* **Given information**:
━━━━━━━━━━━━━━━━━━━━
(* Instances of generic ring lemmas at the type [P C]: autorewrite matches these
   much faster than the generic statements. *)
Section UnitSimpl.
Variable C : fieldType.
Implicit Types (x : P C) (s : 3.-tuple (P C)).

Lemma comp_mpoly0P s : (0 : P C) \mPo s = 0. Proof. exact: comp_mpoly0. Qed.
Lemma comp_mpoly1P s : (1 : P C) \mPo s = 1. Proof. exact: comp_mpoly1. Qed.
Lemma mul0P x : 0 * x = 0. Proof. exact: mul0r. Qed.
Lemma mulP0 x : x * 0 = 0. Proof. exact: mulr0. Qed.
Lemma mul1P x : 1 * x = x. Proof. exact: mul1r. Qed.
Lemma mulP1 x : x * 1 = x. Proof. exact: mulr1. Qed.
Lemma add0P x : 0 + x = x. Proof. exact: add0r. Qed.
Lemma addP0 x : x + 0 = x. Proof. exact: addr0. Qed.
Lemma sub0P x : 0 - x = - x. Proof. exact: sub0r. Qed.
Lemma subP0 x : x - 0 = x. Proof. exact: subr0. Qed.

End UnitSimpl.

Hint Rewrite comp_mpoly0P comp_mpoly1P mul0P mulP0 mul1P mulP1 add0P addP0 sub0P subP0 : unit_simpl.
Hint Rewrite comp_mpolyD comp_mpolyB comp_mpolyN comp_mpolyM comp_mpolyC comp_mpoly1 comp_mpoly0
  comp_mpolyX0 comp_mpolyX1 comp_mpolyX2 comp_mpoly_tuple3 ev_ld_comp : subst_simpl.

Section CompatibleStructure.
Variables (C : fieldType) (a c : C) (B : basis_prod C).
Hypotheses (B_wf : wf_basis_prod B) (B_ls : left_symmetric B).
Hypothesis B_compat : compatible B (W_ab a 0).
Hypothesis LLE : bLL B = (dd _ + lam _ + c%:MP, 0).
Hypothesis g2E : (bLW B).2 = dd _ + (a - 1)%:MP * lam _ + c%:MP.
Hypothesis h2E : (bWL B).2 = dd _ + lam _ + c%:MP.
Hypothesis charC0 : [pchar C] =i pred0.

Local Notation P := (P C).
Local Notation "'λ'" := ('X_0 : P).
Local Notation "'μ'" := ('X_1 : P).
Local Notation "'∂'" := ('X_2 : P).
Local Notation c' := (c%:MP : P).
Local Notation b' := ((a - 1)%:MP : P).
Local Notation g1 := (bLW B).1.
Local Notation h1 := (bWL B).1.
Local Notation k1 := (bWW B).1.
Local Notation k2 := (bWW B).2.

(* Abstracting the [ev_ld] atoms first spares [ring] costly conversion tests between them. *)
Ltac ring_ev :=
  repeat match goal with |- context [ev_ld ?p ?x ?y] => generalize (ev_ld p x y); intro end;
  ring.

Lemma coefs_in_lam_d : [/\ in_lam_d g1, in_lam_d h1, in_lam_d k1 & in_lam_d k2].
Proof. by case: B_wf => _ [_ [? [_ [? [_ [? ?]]]]]]. Qed.

Lemma basis_prod_ev_ld : B = BasisProd (∂ + λ + c', 0) (ev_ld g1 λ ∂, ∂ + b' * λ + c')
  (ev_ld h1 λ ∂, ∂ + λ + c') (ev_ld k1 λ ∂, ev_ld k2 λ ∂).
Proof.
have [g1_wf h1_wf k1_wf k2_wf] := coefs_in_lam_d.
move: LLE g2E h2E; rewrite /lam /dd => <- <- <-.
rewrite !in_lam_d_ev_ld //.
by case: (B) => ? [? ?] [? ?] [? ?].
Qed.

Ltac expand_identity h :=
  rewrite /inR ?inD1 ?inD0 basis_prod_ev_ld in h;
  cbv beta zeta delta [prod prod_opp esub subst3 W_ab lam mu dd] in h;
  cbn [fst snd bLL bLW bWL bWW] in h;
  autorewrite with unit_simpl in h;
  autorewrite with subst_simpl in h.

Lemma g1_skew x y : ev_ld g1 x y = ev_ld h1 (- x - y) y.
Proof.
have h := congr1 fst (B_compat 1 0 0 1); expand_identity h.
have g1E : ev_ld g1 λ ∂ = ev_ld h1 (- λ - ∂) ∂ by apply: (eq_of_subr_eq h); ring_ev.
by move: (congr1 (comp_mpoly [tuple x; 0; y]) g1E); autorewrite with subst_simpl.
Qed.

Lemma WW_symmetric :
  ev_ld k1 λ ∂ = ev_ld k1 (- λ - ∂) ∂ /\ ev_ld k2 λ ∂ = ev_ld k2 (- λ - ∂) ∂.
Proof.
have h := B_compat 0 1 0 1; expand_identity h.
move: (congr1 fst h) (congr1 snd h) => /= k1E k2E.
by split; [apply: (eq_of_subr_eq k1E) | apply: (eq_of_subr_eq k2E)]; ring_ev.
Qed.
━━━━━━━━━━━━━━━━━━━━
* **Required work**: What's needed is every line of the listing, transcribed word for word.

* **Finished exercise**:
(* Instances of generic ring lemmas at the type [P C]: autorewrite matches these
   much faster than the generic statements. *)
Section UnitSimpl.
Variable C : fieldType.
Implicit Types (x : P C) (s : 3.-tuple (P C)).

Lemma comp_mpoly0P s : (0 : P C) \mPo s = 0. Proof. exact: comp_mpoly0. Qed.
Lemma comp_mpoly1P s : (1 : P C) \mPo s = 1. Proof. exact: comp_mpoly1. Qed.
Lemma mul0P x : 0 * x = 0. Proof. exact: mul0r. Qed.
Lemma mulP0 x : x * 0 = 0. Proof. exact: mulr0. Qed.
Lemma mul1P x : 1 * x = x. Proof. exact: mul1r. Qed.
Lemma mulP1 x : x * 1 = x. Proof. exact: mulr1. Qed.
Lemma add0P x : 0 + x = x. Proof. exact: add0r. Qed.
Lemma addP0 x : x + 0 = x. Proof. exact: addr0. Qed.
Lemma sub0P x : 0 - x = - x. Proof. exact: sub0r. Qed.
Lemma subP0 x : x - 0 = x. Proof. exact: subr0. Qed.

End UnitSimpl.

Hint Rewrite comp_mpoly0P comp_mpoly1P mul0P mulP0 mul1P mulP1 add0P addP0 sub0P subP0 : unit_simpl.
Hint Rewrite comp_mpolyD comp_mpolyB comp_mpolyN comp_mpolyM comp_mpolyC comp_mpoly1 comp_mpoly0
  comp_mpolyX0 comp_mpolyX1 comp_mpolyX2 comp_mpoly_tuple3 ev_ld_comp : subst_simpl.

Section CompatibleStructure.
Variables (C : fieldType) (a c : C) (B : basis_prod C).
Hypotheses (B_wf : wf_basis_prod B) (B_ls : left_symmetric B).
Hypothesis B_compat : compatible B (W_ab a 0).
Hypothesis LLE : bLL B = (dd _ + lam _ + c%:MP, 0).
Hypothesis g2E : (bLW B).2 = dd _ + (a - 1)%:MP * lam _ + c%:MP.
Hypothesis h2E : (bWL B).2 = dd _ + lam _ + c%:MP.
Hypothesis charC0 : [pchar C] =i pred0.

Local Notation P := (P C).
Local Notation "'λ'" := ('X_0 : P).
Local Notation "'μ'" := ('X_1 : P).
Local Notation "'∂'" := ('X_2 : P).
Local Notation c' := (c%:MP : P).
Local Notation b' := ((a - 1)%:MP : P).
Local Notation g1 := (bLW B).1.
Local Notation h1 := (bWL B).1.
Local Notation k1 := (bWW B).1.
Local Notation k2 := (bWW B).2.

(* Abstracting the [ev_ld] atoms first spares [ring] costly conversion tests between them. *)
Ltac ring_ev :=
  repeat match goal with |- context [ev_ld ?p ?x ?y] => generalize (ev_ld p x y); intro end;
  ring.

Lemma coefs_in_lam_d : [/\ in_lam_d g1, in_lam_d h1, in_lam_d k1 & in_lam_d k2].
Proof. by case: B_wf => _ [_ [? [_ [? [_ [? ?]]]]]]. Qed.

Lemma basis_prod_ev_ld : B = BasisProd (∂ + λ + c', 0) (ev_ld g1 λ ∂, ∂ + b' * λ + c')
  (ev_ld h1 λ ∂, ∂ + λ + c') (ev_ld k1 λ ∂, ev_ld k2 λ ∂).
Proof.
have [g1_wf h1_wf k1_wf k2_wf] := coefs_in_lam_d.
move: LLE g2E h2E; rewrite /lam /dd => <- <- <-.
rewrite !in_lam_d_ev_ld //.
by case: (B) => ? [? ?] [? ?] [? ?].
Qed.

Ltac expand_identity h :=
  rewrite /inR ?inD1 ?inD0 basis_prod_ev_ld in h;
  cbv beta zeta delta [prod prod_opp esub subst3 W_ab lam mu dd] in h;
  cbn [fst snd bLL bLW bWL bWW] in h;
  autorewrite with unit_simpl in h;
  autorewrite with subst_simpl in h.

Lemma g1_skew x y : ev_ld g1 x y = ev_ld h1 (- x - y) y.
Proof.
have h := congr1 fst (B_compat 1 0 0 1); expand_identity h.
have g1E : ev_ld g1 λ ∂ = ev_ld h1 (- λ - ∂) ∂ by apply: (eq_of_subr_eq h); ring_ev.
by move: (congr1 (comp_mpoly [tuple x; 0; y]) g1E); autorewrite with subst_simpl.
Qed.

Lemma WW_symmetric :
  ev_ld k1 λ ∂ = ev_ld k1 (- λ - ∂) ∂ /\ ev_ld k2 λ ∂ = ev_ld k2 (- λ - ∂) ∂.
Proof.
have h := B_compat 0 1 0 1; expand_identity h.
move: (congr1 fst h) (congr1 snd h) => /= k1E k2E.
by split; [apply: (eq_of_subr_eq k1E) | apply: (eq_of_subr_eq k2E)]; ring_ev.
Qed.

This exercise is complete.